District in Bayan-Ölgii Province, Mongolia

Tsengel (Цэнгэл /mn/; "delight"), also referred to as Ak-Sayan (Ак-Саян; 'white-Sayan'), is a district of Bayan-Ölgii Province in western Mongolia. It´s named after Mount Tsengelkhairkhan which is located in this sum. Its capital, Khushoot, is located in the west of the district.

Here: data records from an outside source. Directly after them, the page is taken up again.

(* Let $\mathcal{H}$ be a complex Hilbert space. If $T\in\mathbb{B}(\mathcal{H})$ is normal, then $\Omega(T) = \sqrt{2}\|T\|$.
   Context: $\mathbb{B}(\mathcal{H})$ is the algebra of bounded linear operators on $\mathcal{H}$ and $\|\cdot\|$ the usual operator norm. Dragomir's norm is $\Omega(T)=\sup\{\|\zeta T+\eta T^*\|:\ \zeta,\eta\in\mathbb{C},\ |\zeta|^2+|\eta|^2\le 1\}$. *)

From HB Require Import structures.
From mathcomp Require Import all_boot all_order all_algebra.
From mathcomp Require Import complex.
From mathcomp Require Import boolp classical_sets reals.

Set Implicit Arguments.
Unset Strict Implicit.
Unset Printing Implicit Defensive.
Import Order.TTheory GRing.Theory Num.Theory.
Local Open Scope ring_scope.
Local Open Scope classical_set_scope.

Section Hilbert.
Variables (R : realType) (V : lmodType R[i]) (inner : V -> V -> R[i]).

Definition is_inner_product : Prop :=
  [/\ (forall (a : R[i]) (x1 x2 y : V),
          inner (a *: x1 + x2) y = a * inner x1 y + inner x2 y),
      (forall x y : V, inner y x = (inner x y)^*),
      (forall x : V, 0 <= inner x x) &
      (forall x : V, inner x x = 0 -> x = 0)].

Definition hnorm (x : V) : R := Num.sqrt (complex.Re (inner x x)).

Definition hcomplete : Prop :=
  forall u : nat -> V,
    (forall e : R, 0 < e -> exists N : nat, forall m n : nat,
        (N <= m)%N -> (N <= n)%N -> hnorm (u m - u n) < e) ->
    exists l : V, forall e : R, 0 < e -> exists N : nat, forall n : nat,
        (N <= n)%N -> hnorm (u n - l) < e.

Definition is_hilbert : Prop := is_inner_product /\ hcomplete.

Definition bounded_op (T : V -> V) : Prop :=
  (forall (a : R[i]) (x y : V), T (a *: x + y) = a *: T x + T y) /\
  exists M : R, forall x : V, hnorm (T x) <= M * hnorm x.

Definition opnorm (T : V -> V) : R :=
  sup [set hnorm (T x) | x in [set x : V | hnorm x <= 1]].

Definition is_adjoint (T S : V -> V) : Prop :=
  forall x y : V, inner (T x) y = inner x (S y).

Definition normal_op (T Tstar : V -> V) : Prop :=
  forall x : V, T (Tstar x) = Tstar (T x).

Definition Omega (T Tstar : V -> V) : R :=
  sup [set r : R | exists zeta eta : R[i],
          `|zeta| ^+ 2 + `|eta| ^+ 2 <= 1 /\
          r = opnorm (fun x => zeta *: T x + eta *: Tstar x)].
End Hilbert.

From HB Require Import structures.
From mathcomp Require Import all_boot all_order all_algebra.
From mathcomp Require Import complex.
From mathcomp Require Import boolp classical_sets reals.
From mathcomp Require Import ring lra.

(* Upper bound: for normal T, ||T^* x|| = ||T x||, hence
   ||zeta T x + eta T^* x||^2 <= 2 (|zeta|^2 + |eta|^2) ||T x||^2.
   Lower bound: zeta = eta^* = u / sqrt 2 with |u| = 1 shows that every real
   part Re (u T) = (u T + (u T)^* ) / 2 has norm at most Omega(T) / sqrt 2 =: L.
   It remains to get ||T|| <= L without spectral theory.  Since
   Re (v^2 T^2) = Re (v T)^2 - Re (i v T)^2, the quadratic form of the
   self-adjoint operator Re (v^2 T^2) is a difference of two squared norms,
   each at most L^2 ||x||^2; a self-adjoint operator is bounded by its
   quadratic form, so the real parts of T^2 are bounded by L^2.  Iterating,
   those of T^(2^k) are bounded by L^(2^k), and T^(2^k) = Re (T^(2^k)) +
   i Re (-i T^(2^k)) has norm at most 2 L^(2^k).  Normality gives
   ||T x||^2 <= ||T^2 x|| ||x||, hence ||T x||^(2^k) <= ||T^(2^k) x|| for unit
   vectors x, and letting k grow yields ||T x|| <= L. *)

Set Implicit Arguments.
Unset Strict Implicit.
Unset Printing Implicit Defensive.
Import Order.TTheory GRing.Theory Num.Theory.
Local Open Scope complex_scope.
Local Open Scope ring_scope.
Local Open Scope classical_set_scope.

Lemma bernoulli_ineq (R : realDomainType) (d : R) n :
  0 <= d -> 1 + n%:R * d <= (1 + d) ^+ n.
Proof.
move=> d0; elim: n => [|n IHn]; first by rewrite mul0r addr0 expr0.
have nd0 : 0 <= n%:R * d by rewrite mulr_ge0.
rewrite exprS -natr1; nra.
Qed.

Lemma exp2n_bounded_le (R : archiRealFieldType) (c a L : R) : 0 <= L ->
  (forall k, a ^+ (2 ^ k) <= c * L ^+ (2 ^ k)) -> a <= L.
Proof.
move=> L0 bound; rewrite leNgt; apply/negP => La.
have [L_eq0 | L_neq0] := eqVneq L 0.
  by have := bound 0%N; rewrite expn0 !expr1 L_eq0 mulr0; lra.
have Lpos : 0 < L by rewrite lt_def L_neq0 L0.
pose d := a / L - 1.
have d_gt0 : 0 < d by rewrite subr_gt0 ltr_pdivlMr // mul1r.
have cd0 : 0 <= `|c| / d by rewrite divr_ge0 // ltW.
pose k := Num.Def.archi_bound (`|c| / d).
have k_big : `|c| < (2 ^ k)%:R * d.
  rewrite -ltr_pdivrMr //; apply: (lt_le_trans (archi_boundP cd0)).
  by rewrite ler_nat ltnW // ltn_expl.
have := bernoulli_ineq (2 ^ k) (ltW d_gt0).
have -> : 1 + d = a / L by rewrite /d addrC subrK.
rewrite expr_div_n ler_pdivlMr ?exprn_gt0 //.
have := bound k; have := ler_norm c; have := exprn_gt0 (2 ^ k) Lpos; nra.
Qed.

Section ComplexFacts.
Variable R : rcfType.

Lemma ReJ (z : R[i]) : complex.Re z^* = complex.Re z.
Proof. by case: z. Qed.

Lemma ReMr (z : R[i]) (t : R) : complex.Re (z * t%:C) = complex.Re z * t.
Proof. by case: z => x y /=; rewrite mulr0 subr0. Qed.

Lemma conj_real_complex (t : R) : (t%:C : R[i])^* = t%:C.
Proof. exact: conjc_real. Qed.

Lemma conj_half (z : R[i]) : (z / 2)^* = z^* / 2.
Proof. by rewrite rmorphM rmorphV ?unitfE ?pnatr_eq0 //= rmorph_nat. Qed.

End ComplexFacts.

Section InnerProduct.
Variables (R : realType) (V : lmodType R[i]) (ip : V -> V -> R[i]).
Hypothesis ip_inner : is_inner_product ip.

Lemma ipDl x y z : ip (x + y) z = ip x z + ip y z.
Proof. by case: ip_inner => lin _ _ _; have := lin 1 x y z; rewrite scale1r mul1r. Qed.

Lemma ip0l y : ip 0 y = 0.
Proof. by apply: (addrI (ip 0 y)); rewrite -ipDl !addr0. Qed.

Lemma ipZl a x z : ip (a *: x) z = a * ip x z.
Proof. by case: ip_inner => lin _ _ _; have := lin a x 0 z; rewrite addr0 ip0l addr0. Qed.

Lemma ipNl x z : ip (- x) z = - ip x z.
Proof. by rewrite -scaleN1r ipZl mulN1r. Qed.

Lemma ipBl x y z : ip (x - y) z = ip x z - ip y z.
Proof. by rewrite ipDl ipNl. Qed.

Lemma ipC x y : ip y x = (ip x y)^*.
Proof. by case: ip_inner. Qed.

Lemma ipDr x y z : ip z (x + y) = ip z x + ip z y.
Proof. by rewrite ipC ipDl rmorphD /= -!ipC. Qed.

Lemma ipZr a x z : ip z (a *: x) = a^* * ip z x.
Proof. by rewrite ipC ipZl rmorphM /= -ipC. Qed.

Lemma ipNr x z : ip z (- x) = - ip z x.
Proof. by rewrite ipC ipNl rmorphN /= -ipC. Qed.

Lemma ipBr x y z : ip z (x - y) = ip z x - ip z y.
Proof. by rewrite ipDr ipNr. Qed.

Definition sqnorm x := complex.Re (ip x x).

Lemma sqnormE x : sqnorm x = complex.Re (ip x x).
Proof. by []. Qed.

Lemma hnormE x : hnorm ip x = Num.sqrt (sqnorm x).
Proof. by []. Qed.

Lemma ipxx x : ip x x = (sqnorm x)%:C.
Proof.
case: ip_inner => _ _ ip_ge0 _; have := ip_ge0 x; rewrite /sqnorm.
by case: (ip x x) => a b /andP [/eqP -> _].
Qed.

Lemma sqnorm_ge0 x : 0 <= sqnorm x.
Proof. by rewrite -lecR -ipxx; case: ip_inner. Qed.

Lemma sqnorm_eq0 x : sqnorm x = 0 -> x = 0.
Proof. by case: ip_inner => _ _ _ ip_eq0 sx0; apply: ip_eq0; rewrite ipxx sx0. Qed.

Lemma sqnorm0 : sqnorm 0 = 0.
Proof. by rewrite /sqnorm ip0l. Qed.

Lemma sqnormD x y :
  sqnorm (x + y) = sqnorm x + sqnorm y + 2 * complex.Re (ip x y).
Proof. by rewrite /sqnorm ipDl !ipDr !raddfD /= [ip y x]ipC ReJ; lra. Qed.

Lemma sqnormB x y :
  sqnorm (x - y) = sqnorm x + sqnorm y - 2 * complex.Re (ip x y).
Proof. by rewrite /sqnorm ipBl !ipBr !raddfB /= [ip y x]ipC ReJ; lra. Qed.

Lemma sqnormZ a x : sqnorm (a *: x) = complex.Re (`|a| ^+ 2) * sqnorm x.
Proof. by rewrite /sqnorm ipZl ipZr mulrA -sqr_normc ipxx ReMr. Qed.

Its inhabitants are mainly ethnic Tuvans (also known as Tsengel Tuvans), whereas the rest of Bayan-Ölgii Province is populated mainly by Kazakhs. As of 2014, it had a population of 8,744.

==Geography==
The sum is located in the western most part of Bayan-Ölgii Province. It is also the western most sum of all sums in Mongolia.

==Geology==
- Baga Türgen Waterfall
- Khoton Lake

==Administrative divisions==
The district is divided into nine bags, which are:
- Borburgas
- Doloon Gadlaga
- Khar Uul
- Khushuut
- Partizan
- Shar Govi
- Tsagaan Tunge
- Ust Tokhoi
- Zagast Nuur

==Economy==
The district has a total of 307,000 livestock population. It has a capacity to harvest 7,700 tons of hay per year. The primary industry in the district are Shar nuur gold mining, brick factories and tourism.